This may not be a complete solution, but these fixes will be a huge
improvement over what we have. After that we'll see how many
unreported errors we run into.
We have not yet built Globus on this machine. At least it looks
like my sysadmin used a binary install. When I run "configure" for
the globus_scheduler_event_generator_sge-1.1 package, I get a number
of errors about missing dependencies, and finally:
./configure: line 1442: /usr/local/gt/libexec/globus-build-env-.sh:
No such file or directory
Any suggestions on the shortest route to replacing our version of
libglobus_seg_sge_* with one built from an edited seg_sge_module.c
would be much appreciated.

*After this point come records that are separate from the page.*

(* Let $\pi\triangleright\Gamma\vdash^{(m,e)} t:\mathtt{n}$ be a derivation in the silly multi type system. (1) If $t\to_{ym} u$ then $m\geq1$ and there is a derivation $\rho\triangleright\Gamma\vdash^{(m-1,e)}u:\mathtt{n}$. (2) If $t\to_{yeAY}u$ or $t\to_{yeYN}u$ then $e\geq 1$ and there is a derivation $\rho\triangleright\Gamma\vdash^{(m,e-1)}u:\mathtt{n}$.
   Context: Terms: $t ::= x \mid \lambda x.t \mid t\,u \mid t[x\backslash u]$ ($t[x\backslash u]$ an explicit substitution binding $x$ in $t$; terms up to $\alpha$). Values $v ::= \lambda x.t$. Substitution contexts $S ::= \langle\cdot\rangle\mid S[x\backslash u]$. For a class of contexts $K$, $K\langle\langle t\rangle\rangle$ is plugging without capture of free variables of $t$. Root rules: $S\langle\lambda x.t\rangle u\mapsto_m S\langle t[x\backslash u]\rangle$; $K\langle\langle x\rangle\rangle[x\backslash u]\mapsto_{e_K} K\langle\langle u\rangle\rangle[x\backslash u]$. Answers $a ::= v\mid a[x\backslash a']$; name contexts $N ::= \langle\cdot\rangle\mid N t\mid N[x\backslash t]$; auxiliary contexts $A ::= \langle\cdot\rangle\mid a[x\backslash A]\mid A[x\backslash t]$; silly contexts $Y ::= A\langle N\rangle$. $\to_{ym} := Y\langle\mapsto_m\rangle$; $\to_{yeAY} := A\langle\mapsto_{e_Y}\rangle$; $\to_{yeYN} := Y\langle\mapsto_{e_N}\rangle$. Silly multi types: linear types $L ::= \mathtt{n} \mid M\multimap L$; multi types $M ::= [L_i]_{i\in I}$ finite multisets ($\mathbf{0}$ empty, $\uplus$ sum). Type contexts $\Gamma$ map variables to multi types with finite support; $\uplus$ pointwise; $\Gamma\setminus\!\!\setminus x$ sets $x$ to $\mathbf{0}$. Rules: (ax) $x:[L]\vdash^{(0,1)} x:L$; (many) from $(\Gamma_i\vdash^{(m_i,e_i)} t : L_i)_{i\in I}$, $I$ finite possibly empty, infer $\uplus_i\Gamma_i\vdash^{(\sum m_i,\sum e_i)} t : [L_i]_{i\in I}$; ($\mathrm{ax}_\lambda$) $\vdash^{(0,0)}\lambda x.t:\mathtt{n}$; ($\lambda$) from $\Gamma\vdash^{(m,e)}t:L$ infer $\Gamma\setminus\!\!\setminus x\vdash^{(m,e)}\lambda x.t:\Gamma(x)\multimap L$; (@) from $\Gamma\vdash^{(m,e)} t : M\multimap L$ and $\Delta\vdash^{(m',e')} u : M\uplus[\mathtt{n}]$ infer $\Gamma\uplus\Delta\vdash^{(m+m'+1,e+e')} tu : L$; (ES) from $\Gamma\vdash^{(m,e)} t:L$ and $\Delta\vdash^{(m',e')}u:\Gamma(x)\uplus[\mathtt{n}]$ infer $(\Gamma\setminus\!\!\setminus x)\uplus\Delta\vdash^{(m+m',e+e')} t[x\backslash u]:L$. *)

From mathcomp Require Import all_boot.
Set Implicit Arguments. Unset Strict Implicit. Unset Printing Implicit Defensive.

(* Terms, in de Bruijn notation (canonical representatives of alpha-   *)
(* classes).  [Lam t] binds index 0 in t; [ES t u] = t[x\u] binds      *)
(* index 0 in t (not in u).                                            *)
Inductive term : Type :=
| Var : nat -> term
| Lam : term -> term
| App : term -> term -> term
| ES  : term -> term -> term.

Fixpoint lift (k c : nat) (t : term) : term :=
  match t with
  | Var i => if c <= i then Var (i + k) else Var i
  | Lam t1 => Lam (lift k c.+1 t1)
  | App t1 t2 => App (lift k c t1) (lift k c t2)
  | ES t1 t2 => ES (lift k c.+1 t1) (lift k c t2)
  end.

Definition is_value (t : term) : bool := if t is Lam _ then true else false.
Fixpoint is_answer (t : term) : bool :=
  match t with
  | Lam _ => true
  | ES a a' => is_answer a && is_answer a'
  | _ => false
  end.

(* Substitution contexts S ::= <.> | S[x\u]; the list head is the     *)
Fixpoint plugS (S : seq term) (t : term) : term :=
  match S with
  | [::] => t
  | u :: S' => ES (plugS S' t) u
  end.

Inductive nctx : Type :=
| NHole : nctx
| NApp : nctx -> term -> nctx
| NES : nctx -> term -> nctx.

Fixpoint plugN (N : nctx) (t : term) : term :=
  match N with
  | NHole => t
  | NApp N' u => App (plugN N' t) u
  | NES N' u => ES (plugN N' t) u
  end.

Fixpoint bindN (N : nctx) : nat :=
  match N with
  | NHole => 0
  | NApp N' _ => bindN N'
  | NES N' _ => (bindN N').+1
  end.

Inductive actx : Type :=
| AHole : actx
| AArg : term -> actx -> actx
| AES : actx -> term -> actx.

Fixpoint wfA (A : actx) : bool :=
  match A with
  | AHole => true
  | AArg a A' => is_answer a && wfA A'
  | AES A' _ => wfA A'
  end.

Fixpoint plugA (A : actx) (t : term) : term :=
  match A with
  | AHole => t
  | AArg a A' => ES a (plugA A' t)
  | AES A' u => ES (plugA A' t) u
  end.

Fixpoint bindA (A : actx) : nat :=
  match A with
  | AHole => 0
  | AArg _ A' => bindA A'
  | AES A' _ => (bindA A').+1
  end.

Definition plugY (A : actx) (N : nctx) (t : term) : term := plugA A (plugN N t).
Definition bindY (A : actx) (N : nctx) : nat := bindA A + bindN N.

Otherwise, I am sure we can muddle
through this today.
Thanks again for the quick response.
--Brendan
On Thu, Jan 22, 2009 at 10:22 PM, Jeff Porter <[email protected]>
wrote:
Hi Brendan,
You can view that code in the seg_sge_module.c file of the
globus_scheduler_event_generator_sge-1.1 package at,
http://www.lesc.ic.ac.uk/projects/SGE-GT4.html
There are variations on this code but I don't know whether anyone
has touched the logic for decoding the reporting file information. I
just looked and it is checking the "acct" record in the reporting
file for errors. However, this doesn't seem to be very complete as
jobs can fail and finish without any updated "acct" record being
written.
Perhaps others have implemented or consider a more robust way to
check for errors? You can get it from the "accounting" file but
that isn't being parsed in this seg_sge_module.
- Jeff
Brendan MacLean wrote:
Hi,
I have been working with Globus for several months now, and we have
had great success with using it to drive a Torque/PBS scheduled
cluster.
Recently I have been trying to get our system working with SGE,
where I have found that GRAM never reports a failure, but always
successful completion, though a qacct -j on the job in question
clearly reports non-zero exit status. After an initial wrong turn
of trying to edit the poll() method in sge.pm <http://sge.pm>, I
found that this method is never called, and a Google search brought
me to a previous message on this list:
http://www.mail-archive.com/[email protected]/msg03507.html
Where I found that Globus depends on the $SGE_ROOT/$SGE_CELL/common/
reporting file for its job exit status information.
We do have SGE generating this, and we have verified that it
correctly reports non-zero exit status for things that GRAM reports
as zero.
Would someone mind pointing me to the code that reads this file, so
I can understand what format it is expecting?
Any other pointers on how to address this issue would be much
appreciated.
Thanks in advance.
--Brendan